SOURCE INFORMATION:
Lemma nested_intervals (P : nat -> R -> Prop) (len : nat -> R) (x0 : R) :
  P O x0 -> (forall m, 0 <= len m) ->
  (forall m x, P m x -> exists x', P (S m) x' /\ x <= x' /\ x' + len (S m) <= x + len m) ->
  exists a, x0 <= a <= x0 + len O /\ forall m, exists x, P m x /\ x <= a <= x + len m.
Proof.
  intros H0 Hlen Hstep.
  assert (Hnext : forall m x, exists x',
    P m x -> P (S m) x' /\ x <= x' /\ x' + len (S m) <= x + len m).
  { intros m x; destruct (classic (P m x)) as [Hx | Hx].
    - destruct (Hstep m x Hx) as [x' Hx']; exists x'; auto.
    - exists x; intros; contradiction. }
  set (F := fun m x => proj1_sig (constructive_indefinite_description _ (Hnext m x))).
  assert (HF : forall m x, P m x -> P (S m) (F m x) /\ x <= F m x /\ F m x + len (S m) <= x + len m)
    by (intros m x; unfold F; destruct constructive_indefinite_description; auto).
  set (u := fix u (m : nat) : R := match m with O => x0 | S m' => F m' (u m') end).
  assert (HP : forall m, P m (u m)) by (induction m; simpl; auto; apply HF; auto).
  assert (Hu : forall m, u m <= u (S m) /\ u (S m) + len (S m) <= u m + len m)
    by (intros m; simpl; split; apply HF; auto).
  assert (Hgrow : Un_growing u) by (intros m; apply Hu).
  assert (Hshrink : forall m n, u (n + m)%nat + len (n + m)%nat <= u m + len m).
  { intros m; induction n as [|n IH]; [simpl; lra |].
    pose proof (Hu (n + m)%nat); simpl in *; lra. }
  destruct (growing_cv u Hgrow) as [l Hl].
  { exists (x0 + len O); intros y [m ->]; pose proof (Hshrink O m); pose proof (Hlen m).
    rewrite Nat.add_0_r in *; simpl in *; lra. }
  assert (Hhi : forall m, l <= u m + len m).
  { intros m; apply (Rle_cv_lim (Un := fun n => u (n + m)%nat) (Vn := fun _ => u m + len m)).
    - intros n; pose proof (Hshrink m n); pose proof (Hlen (n + m)%nat); lra.
    - exact (CV_shift' _ _ _ Hl).
    - apply Un_cv_const. }
  exists l; split; [split; [apply (growing_ineq u l Hgrow Hl O) | apply (Hhi O)] |].
  intros m; exists (u m); repeat split; [auto | apply (growing_ineq u l Hgrow Hl) | auto].
Qed.

Section NearTwo.

Variable q : R.
Hypothesis q_near_two : 1995 / 1000 <= q < 2.

Lemma inv_q_bounds : 1 / 2 < / q <= 1000 / 1995 /\ 1 / 2 < / (q * (q - 1)) <= 10000 / 19850.
Proof.
  assert (q * / q = 1) by (field; lra).
  assert (q * (q - 1) * / (q * (q - 1)) = 1) by (field; lra).
  assert (1995 * 995 / 1000000 <= q * (q - 1) < 2) by nra.
  repeat split; nra.
Qed.

Lemma switch_width_bounds : 0 < switch_width q <= 1 / 396.
Proof.
  unfold switch_width; destruct inv_q_bounds.
  assert (q * / q = 1) by (field; lra).
  assert (Hinv : / (q * (q - 1)) = / q * / (q - 1)) by (field; lra).
  assert ((q - 1) * / (q - 1) = 1) by (field; lra).
  assert (1 < / (q - 1) <= 1000 / 995) by (split; nra).
  rewrite Hinv; split; nra.
Qed.

(* Just below 1/q the map lands near 1 and just above 1/(q(q-1)) near 0, and the next step
   stays on the same side of the switch region. *)
Lemma switch_escape y d : ~ switch_region q y -> / q - d <= y <= / (q * (q - 1)) + d ->
  0 <= d <= 2 / 25 ->
  ~ switch_region q (greedy_map q y) /\ ~ switch_region q (greedy_map q (greedy_map q y)).
Proof.
  intros Hy Hd Hd0; destruct inv_q_bounds as [[Hi1 Hi2] [Hj1 Hj2]].
  assert (q * / q = 1) by (field; lra).
  assert (Hj : q * / (q * (q - 1)) - 1 <= 1 / 99).
  { replace (q * / (q * (q - 1)) - 1) with ((2 - q) / (q - 1)) by (field; lra).
    apply (Rmult_le_reg_r (q - 1)); [lra |]; unfold Rdiv; rewrite Rmult_assoc, Rinv_l; lra. }
  unfold switch_region in *; unfold greedy_map.
  destruct (Rlt_dec y (/ q)) as [Hlt | Hge].
  - assert (q * y > / (q * (q - 1))) by nra.
    destruct (Rlt_dec (q * y) (/ q)); [lra |].
    assert (q * (q * y) - 1 > / (q * (q - 1))) by nra.
    split; intros [? ?]; lra.
  - assert (Hy' : y > / (q * (q - 1)))
      by (destruct (Rle_lt_dec y (/ (q * (q - 1)))); [exfalso; apply Hy; lra | lra]).
    assert (q * y - 1 < / q) by nra.
    destruct (Rlt_dec (q * y - 1) (/ q)); [| lra].
    assert (q * (q * y - 1) < / q) by nra.
    split; intros [? ?]; lra.
Qed.

Definition clear_upto (v : R) (n : nat) : Prop :=
  forall t, 0 <= t <= 1 / 50 -> forall j, (j <= n)%nat ->
    ~ switch_region q (greedy_iter q j (v + t)).

Definition clear_outside_window (v b : R) : Prop :=
  forall t, 0 <= t <= 1 / 50 -> t <= b \/ b + switch_width q <= t ->
    forall j, (j <= 3)%nat -> ~ switch_region q (greedy_iter q j (v + t)).

Lemma clear_or_window v n : (n <= 3)%nat -> clear_upto v 0 ->
  clear_upto v n \/ exists b, clear_outside_window v b.
Proof.
  induction n as [|n IH]; intros Hn H0; [left; exact H0 |].
  destruct IH as [Hc | Hw]; [lia | exact H0 | | right; exact Hw].
  set (c := q ^ S n); set (A := greedy_iter q (S n) v).
  assert (Haff : forall t, 0 <= t <= 1 / 50 -> greedy_iter q (S n) (v + t) = A + c * t)
    by (apply greedy_iter_affine; [lra | intros t Ht j Hj; apply Hc; auto; lia]).
  assert (Hc1 : q <= c) by (unfold c; rewrite <- (pow_1 q) at 1; apply Rle_pow; [lra | lia]).
  destruct (classic (exists t0, 0 <= t0 <= 1 / 50 /\ switch_region q (A + c * t0)))
    as [[t0 [Ht0 [Hs1 Hs2]]] | Hnone].
  - right; destruct (affine_window q A c ltac:(lra) ltac:(lra)) as [b Hb].
    exists b; intros t Ht Hout j Hj.
    assert (Hhit : ~ switch_region q (greedy_iter q (S n) (v + t))) by (rewrite Haff; auto).
    destruct (Nat.le_gt_cases j (S n)) as [Hjle | Hjgt].
    + destruct (Nat.eq_dec j (S n)) as [-> | Hne]; [exact Hhit | apply Hc; auto; lia].
    + assert (Hc4 : c <= 4).
      { apply Rle_trans with (q ^ 2); [apply Rle_pow; [lra | lia] | simpl; nra]. }
      assert (Hd : - (c / 50) <= c * t - c * t0 <= c / 50) by (split; nra).
      destruct (switch_escape _ (c / 50) Hhit) as [H1 H2]; [rewrite Haff by auto; lra | lra |].
      assert (Hj' : j = S (S n) \/ j = S (S (S n))) by lia.
      destruct Hj' as [-> | ->]; rewrite !greedy_iter_succ; assumption.
  - left; intros t Ht j Hj.
    destruct (Nat.eq_dec j (S n)) as [-> | Hne]; [| apply Hc; auto; lia].
    rewrite Haff by auto; intros Hs; apply Hnone; exists t; auto.
Qed.

Lemma exists_clear_outside_window v : clear_upto v 0 -> exists b, clear_outside_window v b.
Proof.
  intros H0; destruct (clear_or_window v 3 ltac:(lia) H0) as [Hc | Hw]; [| exact Hw].
  exists (-1); intros t Ht _ j Hj; apply Hc; auto.
Qed.

(* Three windows of width at most 1/396 leave a gap of length (1/50)/q^3 in [0, 1/50]. *)
Lemma common_clear_subinterval (vs : list R) : (length vs <= 3)%nat ->
  (forall v, In v vs -> clear_upto v 0) ->
  exists o, 0 <= o /\ o + (1 / 50) / q ^ 3 <= 1 / 50 /\
    forall v, In v vs -> forall t, o <= t <= o + (1 / 50) / q ^ 3 ->
      forall j, (j <= 3)%nat -> ~ switch_region q (greedy_iter q j (v + t)).
Proof.
  intros Hlen Hclear.
  destruct (list_choice clear_outside_window vs) as [bs [Hbs Hwin]];
    [intros v Hv; apply exists_clear_outside_window, Hclear, Hv |].
  assert (Hq3 : 7940 / 1000 <= q ^ 3) by (simpl; nra).
  assert (Hl : 0 <= (1 / 50) / q ^ 3 <= (1 / 50) * (1000 / 7940)).
  { assert (0 < / q ^ 3 <= 1000 / 7940).
    { split; [apply Rinv_0_lt_compat; lra |].
      replace (1000 / 7940) with (/ (7940 / 1000)) by field; apply Rinv_le_contravar; lra. }
    unfold Rdiv; split; nra. }
  destruct switch_width_bounds as [Hw0 Hw1].
  destruct (gap_between_windows ((1 / 50) / q ^ 3) (switch_width q) ltac:(lra) ltac:(lra)
    bs 0 (1 / 50)) as [o [Ho1 [Ho2 Ho3]]].
  { rewrite Hbs; assert (Hn : INR (length vs) <= 3) by (replace 3 with (INR 3) by (simpl; lra);
      apply le_INR; lia).
    rewrite S_INR; nra. }
  exists o; repeat split; [lra | lra |]; intros v Hv t Ht j Hj.
  destruct (Hwin v Hv) as [b [Hb Hclear_b]].
  apply Hclear_b; [lra | | exact Hj].
  destruct (Ho3 b Hb); [left | right]; lra.
Qed.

PROMPT:
Lines from the top of the entries through the line with "Variable q : R." are to be transcribed exactly, and nothing more.

ANSWER:
Lemma nested_intervals (P : nat -> R -> Prop) (len : nat -> R) (x0 : R) :
  P O x0 -> (forall m, 0 <= len m) ->
  (forall m x, P m x -> exists x', P (S m) x' /\ x <= x' /\ x' + len (S m) <= x + len m) ->
  exists a, x0 <= a <= x0 + len O /\ forall m, exists x, P m x /\ x <= a <= x + len m.
Proof.
  intros H0 Hlen Hstep.
  assert (Hnext : forall m x, exists x',
    P m x -> P (S m) x' /\ x <= x' /\ x' + len (S m) <= x + len m).
  { intros m x; destruct (classic (P m x)) as [Hx | Hx].
    - destruct (Hstep m x Hx) as [x' Hx']; exists x'; auto.
    - exists x; intros; contradiction. }
  set (F := fun m x => proj1_sig (constructive_indefinite_description _ (Hnext m x))).
  assert (HF : forall m x, P m x -> P (S m) (F m x) /\ x <= F m x /\ F m x + len (S m) <= x + len m)
    by (intros m x; unfold F; destruct constructive_indefinite_description; auto).
  set (u := fix u (m : nat) : R := match m with O => x0 | S m' => F m' (u m') end).
  assert (HP : forall m, P m (u m)) by (induction m; simpl; auto; apply HF; auto).
  assert (Hu : forall m, u m <= u (S m) /\ u (S m) + len (S m) <= u m + len m)
    by (intros m; simpl; split; apply HF; auto).
  assert (Hgrow : Un_growing u) by (intros m; apply Hu).
  assert (Hshrink : forall m n, u (n + m)%nat + len (n + m)%nat <= u m + len m).
  { intros m; induction n as [|n IH]; [simpl; lra |].
    pose proof (Hu (n + m)%nat); simpl in *; lra. }
  destruct (growing_cv u Hgrow) as [l Hl].
  { exists (x0 + len O); intros y [m ->]; pose proof (Hshrink O m); pose proof (Hlen m).
    rewrite Nat.add_0_r in *; simpl in *; lra. }
  assert (Hhi : forall m, l <= u m + len m).
  { intros m; apply (Rle_cv_lim (Un := fun n => u (n + m)%nat) (Vn := fun _ => u m + len m)).
    - intros n; pose proof (Hshrink m n); pose proof (Hlen (n + m)%nat); lra.
    - exact (CV_shift' _ _ _ Hl).
    - apply Un_cv_const. }
  exists l; split; [split; [apply (growing_ineq u l Hgrow Hl O) | apply (Hhi O)] |].
  intros m; exists (u m); repeat split; [auto | apply (growing_ineq u l Hgrow Hl) | auto].
Qed.

Section NearTwo.

Variable q : R.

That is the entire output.